On Monday, the market was toying with my T2 tramline:
(Click on the chart for a larger version)
My first thought was that the market might top out at T2 (momentum was getting overstretched) in my A wave, then fall to make a B wave, and then rally to a new recovery high in the C wave.
That would be the 'perfect' scenario.
But the market, as often happens, had other ideas.
Yesterday, we did get a dip, but it recovered from it and this morning, the market punched up strongly through T2.
(Click on the chart for a larger version)
This move has taken out the previous high of 27 September, and is challenging the previous high of 20 September.
As I said before, the buy-stops placed by the shorts are being taken out. Now these shorts are nursing losses and have a sore head trying to figure out why the market is acting so perversely the short trade looked a no-brainer.
The rally comes as no surprise
But if they had studied the Elliott waves and paid attention to market sentiment, this rally would not have come as a surprise at all.

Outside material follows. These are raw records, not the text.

(* Consider the Axelrod model with $F$ features and $q\ge2$ states on the path with vertex set $\{0,1,\dots,N\}$, started with all initial features i.i.d. uniform on $\{1,\dots,q\}$, and fix a time $t\ge0$. Let $0\le x<y<z\le N$ and $i\in\{1,\dots,F\}$, and for vertices $u,v$ let $\Omega_i(u,v)=\{X_t^i(u)=X_t^i(v)\}$. Then $$P\big(\Omega_i(x,z)\ \big|\ (\Omega_i(x,y)\cup\Omega_i(y,z))^c\big)=\frac{1}{q-1}.$$
   Context: Axelrod model with $F$ features and $q$ states on a graph: process $X_t:V\to\{1,\dots,q\}^F$, $X_t(x)=(X_t^1(x),\dots,X_t^F(x))$; for each ordered pair $(x,y)$ of adjacent vertices with $X(x)\ne X(y)$, at rate $F(x,y)/2$, where $F(x,y)=\frac1F\sum_i\mathbf 1\{X^i(x)=X^i(y)\}$, vertex $x$ copies from $y$ one feature chosen uniformly among those on which they differ. *)

From mathcomp Require Import all_boot.
From Stdlib Require Import Reals.
Set Implicit Arguments. Unset Strict Implicit. Unset Printing Implicit Defensive.

Definition Rsum (T : finType) (f : T -> R) : R := \big[Rplus/0%R]_(s : T) f s.

Section Axelrod.
Variables (F q N : nat).

(* Vertices of the path {0,...,N}; features 'I_F; states 'I_q
   (state k+1 of the paper is encoded as k : 'I_q). *)
Definition vertex := 'I_N.+1.
Definition feature := 'I_F.
Definition config := {ffun vertex * feature -> 'I_q}.

Definition adj (x y : vertex) : bool := (x.+1 == y :> nat) || (y.+1 == x :> nat).

Definition nagree (s : config) (x y : vertex) : nat :=
  #|[pred j : feature | s (x, j) == s (y, j)]|.
Definition ndiff (s : config) (x y : vertex) : nat :=
  #|[pred j : feature | s (x, j) != s (y, j)]|.

Definition upd (s : config) (x : vertex) (j : feature) (v : 'I_q) : config :=
  [ffun p => if (p.1 == x) && (p.2 == j) then v else s p].

(* Jump rate from s to s': for each ordered adjacent pair (x,y), at rate
   F(x,y)/2 (F(x,y) = nagree/F), x copies from y a uniformly chosen
   differing feature. *)
Definition rate (s s' : config) : R :=
  Rsum (fun xy : vertex * vertex =>
    if adj xy.1 xy.2 then
      Rsum (fun j : feature =>
        if (s (xy.1, j) != s (xy.2, j)) && (s' == upd s xy.1 j (s (xy.2, j)))
        then (INR (nagree s xy.1 xy.2) / INR F / 2 / INR (ndiff s xy.1 xy.2))%R
        else 0%R)
    else 0%R).

Definition gen (s s' : config) : R :=
  if s == s' then (- Rsum (fun r : config => if r == s then 0%R else rate s r))%R
  else rate s s'.

(* p s c = P(X_s = c): the law of the chain, characterized by the initial
   i.i.d. uniform law and the Kolmogorov forward equation. *)
Definition is_law (p : R -> config -> R) : Prop :=
  (forall c, p 0%R c = (/ (INR q ^ (F * N.+1)))%R) /\
  (forall (s : R) (c : config),
      derivable_pt_lim (fun u => p u c) s (Rsum (fun r => p s r * gen r c))%R).

Definition prob (p : R -> config -> R) (t : R) (A : pred config) : R :=
  Rsum (fun c => if A c then p t c else 0%R).

Definition cond_prob (p : R -> config -> R) (t : R) (A B : pred config) : R :=
  (prob p t (predI A B) / prob p t B)%R.

Definition Omega (i : feature) (u v : vertex) : pred config :=
  fun c => c (u, i) == c (v, i).

End Axelrod.

From mathcomp Require Import all_boot all_fingroup.
From Stdlib Require Import Reals Lra Lia.
From HB Require Import structures.
Set Implicit Arguments. Unset Strict Implicit. Unset Printing Implicit Defensive.
Set Warnings "-notation-overridden,-redundant-canonical-projection".

(* Call two configurations alike when they agree off feature [i] and their
   [i]-th features agree along exactly the same edges. For every union [P] of
   alike-classes the total rate from [P] into [c] depends only on the class of
   [c]: a move copying another feature is matched by the same move, a move copying
   feature [i] along an agreeing edge by that move relabelled through a permutation
   of the states on the copying vertex and its (at most two) neighbours. The
   initial law is uniform, so a Gronwall estimate on the sum over alike pairs of
   [(p c - p c')^2] keeps the law constant on classes.
   If [x], [y], [z] carry pairwise distinct [i]-states, swapping [c (x, i)] with a
   state [d] on all vertices beyond [y] stays in the class, and matches
   [{c (z, i) = d}] with [{c (z, i) = c (x, i), c (y, i) <> d}]; summing over [d]
   gives [q - 1] times the probability of [{c (z, i) = c (x, i)}]. *)

HB.instance Definition _ := Monoid.isComLaw.Build R 0%R Rplus
  (fun a b c => esym (Rplus_assoc a b c)) Rplus_comm Rplus_0_l.

Open Scope R_scope.

Section Rsum.
Variable T : finType.
Implicit Types f g : T -> R.

Lemma Rsum_ext f g : (forall s, f s = g s) -> Rsum f = Rsum g.
Proof. by move=> fg; apply: eq_bigr => s _. Qed.

Lemma Rsum0 : Rsum (fun _ : T => 0) = 0.
Proof. by rewrite /Rsum big1. Qed.

Lemma Rsum_add f g : Rsum (fun s => f s + g s) = Rsum f + Rsum g.
Proof. exact: big_split. Qed.

Lemma Rsum_scal a f : Rsum (fun s => a * f s) = a * Rsum f.
Proof.
rewrite /Rsum; elim: (index_enum T) => [|h l IH]; rewrite ?big_nil ?big_cons; first ring.
by rewrite IH; ring.
Qed.

Lemma Rsum_sub f g : Rsum (fun s => f s - g s) = Rsum f - Rsum g.
Proof.
rewrite -(Rsum_ext (f := fun s => f s + (-1) * g s)); last by move=> s; ring.
by rewrite Rsum_add Rsum_scal; ring.
Qed.

Lemma Rsum_const a : Rsum (fun _ : T => a) = INR #|T| * a.
Proof.
rewrite /Rsum big_const; elim: #|_| => [|n IH] /=; first ring.
by rewrite IH; case: n {IH} => [|n] /=; ring.
Qed.

Lemma Rsum_le f g : (forall s, f s <= g s) -> Rsum f <= Rsum g.
Proof.
move=> fg; rewrite /Rsum; elim: (index_enum T) => [|h l IH]; rewrite ?big_nil ?big_cons.
  exact: Rle_refl.
exact: Rplus_le_compat.
Qed.

Lemma Rsum_ge0 f : (forall s, 0 <= f s) -> 0 <= Rsum f.
Proof. by move=> f_ge0; rewrite -Rsum0; apply: Rsum_le. Qed.

Lemma Rsum_D1 f s0 : Rsum f = f s0 + Rsum (fun s => if s == s0 then 0 else f s).
Proof.
rewrite /Rsum (bigD1 s0) //= [in RHS](bigD1 s0) //= eqxx Rplus_0_l.
by congr (_ + _); apply: eq_bigr => s /negbTE ->.
Qed.

Lemma Rsum_term_le f s0 : (forall s, 0 <= f s) -> f s0 <= Rsum f.
Proof.
move=> f_ge0; rewrite (Rsum_D1 f s0).
suff : 0 <= Rsum (fun s => if s == s0 then 0 else f s) by lra.
by apply: Rsum_ge0 => s; case: (s == s0); [exact: Rle_refl|].
Qed.

Lemma Rsum_pred1 f s0 : Rsum (fun s => if s == s0 then f s else 0) = f s0.
Proof.
rewrite (Rsum_D1 _ s0) eqxx (Rsum_ext (g := fun _ => 0)) ?Rsum0 ?Rplus_0_r //.
by move=> s; case: (s == s0).
Qed.

Lemma Rsum_reindex (h : T -> T) f : injective h -> Rsum f = Rsum (fun s => f (h s)).
Proof. by move=> h_inj; rewrite /Rsum (reindex_inj h_inj). Qed.

Lemma derivable_pt_lim_Rsum (f : T -> R -> R) (f' : T -> R) s :
  (forall c, derivable_pt_lim (f c) s (f' c)) ->
  derivable_pt_lim (fun u => Rsum (fun c => f c u)) s (Rsum f').
Proof.
move=> df; rewrite /Rsum; elim: (index_enum T) => [|h l IH].
  have -> : (fun u => \big[Rplus/0]_(c <- [::]) f c u) = fun _ => 0.
    by apply: FunctionalExtensionality.functional_extensionality => u; rewrite big_nil.
  rewrite big_nil; exact: derivable_pt_lim_const.
have -> : (fun u => \big[Rplus/0]_(c <- h :: l) f c u) =
          (fun u => f h u + \big[Rplus/0]_(c <- l) f c u).
  by apply: FunctionalExtensionality.functional_extensionality => u; rewrite big_cons.
rewrite big_cons; exact: derivable_pt_lim_plus.
Qed.

End Rsum.

Lemma Rsum_swap (T U : finType) (f : T -> U -> R) :
  Rsum (fun a => Rsum (fun b => f a b)) = Rsum (fun b => Rsum (fun a => f a b)).
Proof. exact: exchange_big. Qed.

Lemma Rsum_if (T : finType) (b : bool) (f : T -> R) :
  Rsum (fun r => if b then f r else 0) = if b then Rsum f else 0.
Proof. by case: b; rewrite ?Rsum0. Qed.

Lemma Rle_0_sq a : 0 <= a * a.
Proof. exact: Rle_0_sqr. Qed.

Lemma Rinv_INR_ge0 n : 0 <= / INR n.
Proof.
case: n => [|n]; first by rewrite Rinv_0; apply: Rle_refl.
by apply/Rlt_le/Rinv_0_lt_compat/lt_0_INR; lia.
Qed.

Lemma le_from0_of_deriv_ge0 (f f' : R -> R) t :
  (forall s, derivable_pt_lim f s (f' s)) -> (forall s, 0 <= s -> 0 <= f' s) ->
  0 <= t -> f 0 <= f t.
Proof.
move=> df f'_ge0 t_ge0; case: (Req_dec t 0) => [->|t_neq0]; first exact: Rle_refl.
have [c [mvt c_bd]] : exists c, f t - f 0 = f' c * (t - 0) /\ 0 < c < t.
  by apply: MVT_cor2 => [|s _]; [lra|exact: df].
have := f'_ge0 c ltac:(lra); nra.
Qed.

Lemma gronwall_zero (E E' : R -> R) (C t : R) :
  (forall s, derivable_pt_lim E s (E' s)) -> (forall s, 0 <= s -> E' s <= C * E s) ->
  E 0 = 0 -> (forall s, 0 <= s -> 0 <= E s) -> 0 <= t -> E t = 0.
Proof.
move=> dE E'_le E0 E_ge0 t_ge0.
pose g s := - (E s * exp (- (C * s))).
pose g' s := - (E' s * exp (- (C * s)) + E s * (exp (- (C * s)) * - (C * 1))).
have dg s : derivable_pt_lim g s (g' s).
  apply: derivable_pt_lim_opp; apply: derivable_pt_lim_mult; first exact: dE.
  apply: (derivable_pt_lim_comp (fun s => - (C * s)) exp); last exact: derivable_pt_lim_exp.
  by apply: derivable_pt_lim_opp; apply: derivable_pt_lim_scal; exact: derivable_pt_lim_id.
have g'_ge0 s : 0 <= s -> 0 <= g' s.
  move=> s_ge0; have := E'_le s s_ge0; have := exp_pos (- (C * s)); rewrite /g'; nra.
have := le_from0_of_deriv_ge0 dg g'_ge0 t_ge0; rewrite /g E0.
have := exp_pos (- (C * t)); have := E_ge0 t t_ge0; nra.
Qed.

Let's take a close-up view of this rally. Here is the hourly chart from last Tuesday's low:
(Click on the chart for a larger version)

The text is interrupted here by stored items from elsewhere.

Lemma coef_tseries c D j :
  (tseries c D)`_j = if (0 < j <= D)%N then c j.-1 else 0.
Proof.
rewrite coef_sum; under eq_bigr do rewrite coefZ coefXn.
case: j => [|j] /=; first by rewrite big1 // => i _; rewrite mulr0.
transitivity (\sum_(i < D | (i : nat) == j) c i).
  rewrite [RHS]big_mkcond; apply: eq_bigr => i _ /=; rewrite eqSS eq_sym.
  by case: eqP; rewrite ?mulr1 ?mulr0.
by rewrite big_ord1_eq.
Qed.

Lemma tseries_coef0 c D : (tseries c D)`_0 = 0.
Proof. by rewrite coef_tseries. Qed.
End PowerCoefficients.

Section NegativeBinomialSeries.
Variables (R : comNzRingType) (F : {poly R}) (D : nat).

(* The truncation of (1 - F)^-(n+1) at degree D in F. *)
Definition negbin n : {poly R} :=
  \sum_(0 <= K < D.+1) 'C(n + K, K)%:R *: F ^+ K.

Lemma negbin_head n :
  negbin n = 1 + \sum_(0 <= K < D) 'C(n + K.+1, K.+1)%:R *: F ^+ K.+1.
Proof. by rewrite /negbin big_nat_recl // addn0 bin0 expr0 scale1r. Qed.

Lemma mul1BF_negbin n :
  (1 - F) * negbin n.+1 = negbin n - 'C(n.+1 + D, D)%:R *: F ^+ D.+1.
Proof.
have shiftF : F * negbin n.+1 =
    \sum_(0 <= K < D) 'C(n.+1 + K, K)%:R *: F ^+ K.+1
    + 'C(n.+1 + D, D)%:R *: F ^+ D.+1.
  rewrite /negbin mulr_sumr big_nat_recr //=.
  by congr (_ + _); [apply: eq_bigr => K _|]; rewrite -scalerAr -exprS.
have pascal : \sum_(0 <= K < D) 'C(n.+1 + K.+1, K.+1)%:R *: F ^+ K.+1 =
    \sum_(0 <= K < D) 'C(n.+1 + K, K)%:R *: F ^+ K.+1
    + \sum_(0 <= K < D) 'C(n + K.+1, K.+1)%:R *: F ^+ K.+1.
  rewrite -big_split /=; apply: eq_bigr => K _.
  by rewrite addnS binS addSnnS natrD scalerDl addrC.
rewrite mulrBl mul1r shiftF !negbin_head pascal.
set S1 := \sum_(0 <= K < D) _; set S2 := \sum_(0 <= K < D) _; ring.
Qed.

Lemma deriv_negbin n : (negbin n)^`() =
  n.+1%:R *: (F^`() * \sum_(0 <= K < D) 'C(n.+1 + K, K)%:R *: F ^+ K).
Proof.
rewrite negbin_head derivD derivC add0r raddf_sum /= mulr_sumr scaler_sumr.
apply: eq_bigr => K _.
rewrite derivZ deriv_exp /= -scalerAr scalerA -scaler_nat scalerA -!natrM.
congr (_%:R *: _); rewrite mulnC mul_bin_left -addSnnS.
by congr (_ * _)%N; lia.
Qed.

Hypothesis F0 : F`_0 = 0.

Lemma coef_deriv_negbin n k : (k < D)%N ->
  (negbin n)`_k.+1 * k.+1%:R = n.+1%:R * (F^`() * negbin n.+1)`_k.
Proof.
move=> ltkD.
have top0 : (F^`() * F ^+ D)`_k = 0.
  by rewrite coefM big1 // => i _; rewrite coef_exp_lt ?mulr0 //; lia.
rewrite mulr_natr -coef_deriv deriv_negbin coefZ /negbin big_nat_recr //=.
by rewrite mulrDr coefD -scalerAr coefZ top0 mulr0 addr0 mulr_natl.
Qed.

Definition weight (a b : R) : {poly R} := a *: (1 - F) - b *: ('X * F^`()).

Lemma coef_weight_negbin (a b : R) n k : (k <= D)%N ->
  n.+1%:R * (weight a b * negbin n.+1)`_k = (a * n.+1%:R - b * k%:R) * (negbin n)`_k.
Proof.
move=> lekD.
rewrite /weight mulrBl -!scalerAl mul1BF_negbin -mulrA !coefB !coefZ coefB coefZ coefXM.
rewrite coef_exp_lt // mulr0 subr0.
case: k lekD => [|k] ltkD /=; first by ring.
rewrite mulrBr [n.+1%:R * (b * _)]mulrCA -coef_deriv_negbin //; ring.
Qed.
End NegativeBinomialSeries.

Section Factorials.
Variable R : numFieldType.

Lemma natf_fact_neq0 m : (m`!%:R : R) != 0.
Proof. by rewrite pnatr_eq0 -lt0n fact_gt0. Qed.

Lemma natr_bin_fact m j : 'C(m + j, j)%:R = (m + j)`!%:R / (j`!%:R * m`!%:R) :> R.
Proof.
by rewrite -(bin_fact (leq_addl m j)) addnK !natrM mulfK ?mulf_neq0 ?natf_fact_neq0.
Qed.
End Factorials.

Section Multinomial.
Variables (R : numFieldType) (A : comAlgType R).

(* The multinomial theorem is read off from the coefficient of 'X^K in
   \prod_i exp(b_i 'X) = exp((\sum_i b_i) 'X), with exp truncated at degree K. *)
Definition texp K (a : A) : {poly A} :=
  \sum_(l < K.+1) (l`!%:R^-1 *: a ^+ l)%:P * 'X^l.

Lemma coef_texp K a l : (l <= K)%N -> (texp K a)`_l = l`!%:R^-1 *: a ^+ l.
Proof.
move=> lelK; rewrite coef_sum; under eq_bigr do rewrite coefCM coefXn.
transitivity (\sum_(i < K.+1 | (i : nat) == l) (i`!%:R^-1 *: a ^+ i : A)).
  rewrite [RHS]big_mkcond; apply: eq_bigr => i _ /=; rewrite eq_sym.
  by case: eqP; rewrite ?mulr1 ?mulr0.
by rewrite (big_ord1_eq _ (fun i => i`!%:R^-1 *: a ^+ i)) ltnS lelK.
Qed.

Lemma coef_prod_texp K (I : Type) (b : I -> A) (s : seq I) l : (l <= K)%N ->
  (\prod_(i <- s) texp K (b i))`_l = l`!%:R^-1 *: (\sum_(i <- s) b i) ^+ l.
Proof.
elim: s l => [|x s IHs] l lelK.
  rewrite !big_nil coef1 expr0n; case: l lelK => [|l] _ /=; last by rewrite scaler0.
  by rewrite invr1 scale1r.
rewrite !big_cons coefM addrC exprDn scaler_sumr; apply: eq_bigr => -[u ltul] _ /=.
rewrite coef_texp ?IHs; [|lia|lia].
rewrite -scalerAl -scalerAr scalerA -[_ *+ 'C(l, u)]scaler_nat scalerA.
congr (_ *: _); last by rewrite mulrC.
have leul : (u <= l)%N by lia.
rewrite -(bin_fact leul) !natrM.
have binl_neq0 : ('C(l, u)%:R : R) != 0 by rewrite pnatr_eq0 -lt0n bin_gt0.
by field; rewrite binl_neq0 !natf_fact_neq0.
Qed.

Lemma multinomial (I : finType) (b : I -> A) K :
  \sum_(j : {ffun I -> 'I_K.+1} | (\sum_i (j i : nat) == K)%N)
     \prod_i ((j i)`!%:R^-1 *: b i ^+ j i) = K`!%:R^-1 *: (\sum_i b i) ^+ K.
Proof.
rewrite -(@coef_prod_texp K) // /texp bigA_distr_bigA coef_sum.
rewrite [LHS]big_mkcond; apply: eq_bigr => j _ /=.
rewrite big_split /= -rmorph_prod prodrXr coefCM coefXn eq_sym.
by case: eqP; rewrite ?mulr1 ?mulr0 // -scaler_prod.
Qed.
End Multinomial.

Section BellPolynomials.
Variable R : realType.

Definition egf (x : nat -> R) D := tseries (fun i => x i.+1 / i.+1`!%:R) D.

The rally has been following my tramlines perfectly, but yesterday, we had a break of the lower one. The top was also made on a potential negative momentum divergence.
That was a warning sign that the market was making my A wave and was getting ready to fall.
In fact, I placed sell orders just under the lower tramline, but felt unsure about this trade.
Why? Because tramline breaks are often followed by a rebound to challenge the underside of the tramline.
To see examples of this feature of tramlines, see my tutorial video: An introduction to tramline trading.
Because of this probability, I was quick to move my protective buy-stops to break even, and was taken out this morning.
Trading tip: Because my short-term tramlines possessed a steep slope, any rebound to the underside of my lower tramline would take the market up beyond the risk I was willing to place on this trade. Keep this in mind when placing your trades in this way.
The moment of truth
As I write, the market has rallied to very close to the tramline underside:
(Click on the chart for a larger version)
This is the moment of truth!
If I were an adventurous trader I would want to short here. Momentum is getting over-stretched, and protective stops can be set quite close to a point just above the lower tramline.
If we see a 'scalded cat bounce' down, my protective stops could be swiftly moved to break-even, following my break-even rule.
In fact, this would be a textbook trade, no matter how it turns out.
And if the market does fall and break support at the purple bar, which lies close to T2, the odds will definitely swing towards my scenario of a dip to a B wave possibly 200 pips or so away.
The Dow story is definitely getting very exciting! But to stay out of trouble, traders need to be nimble.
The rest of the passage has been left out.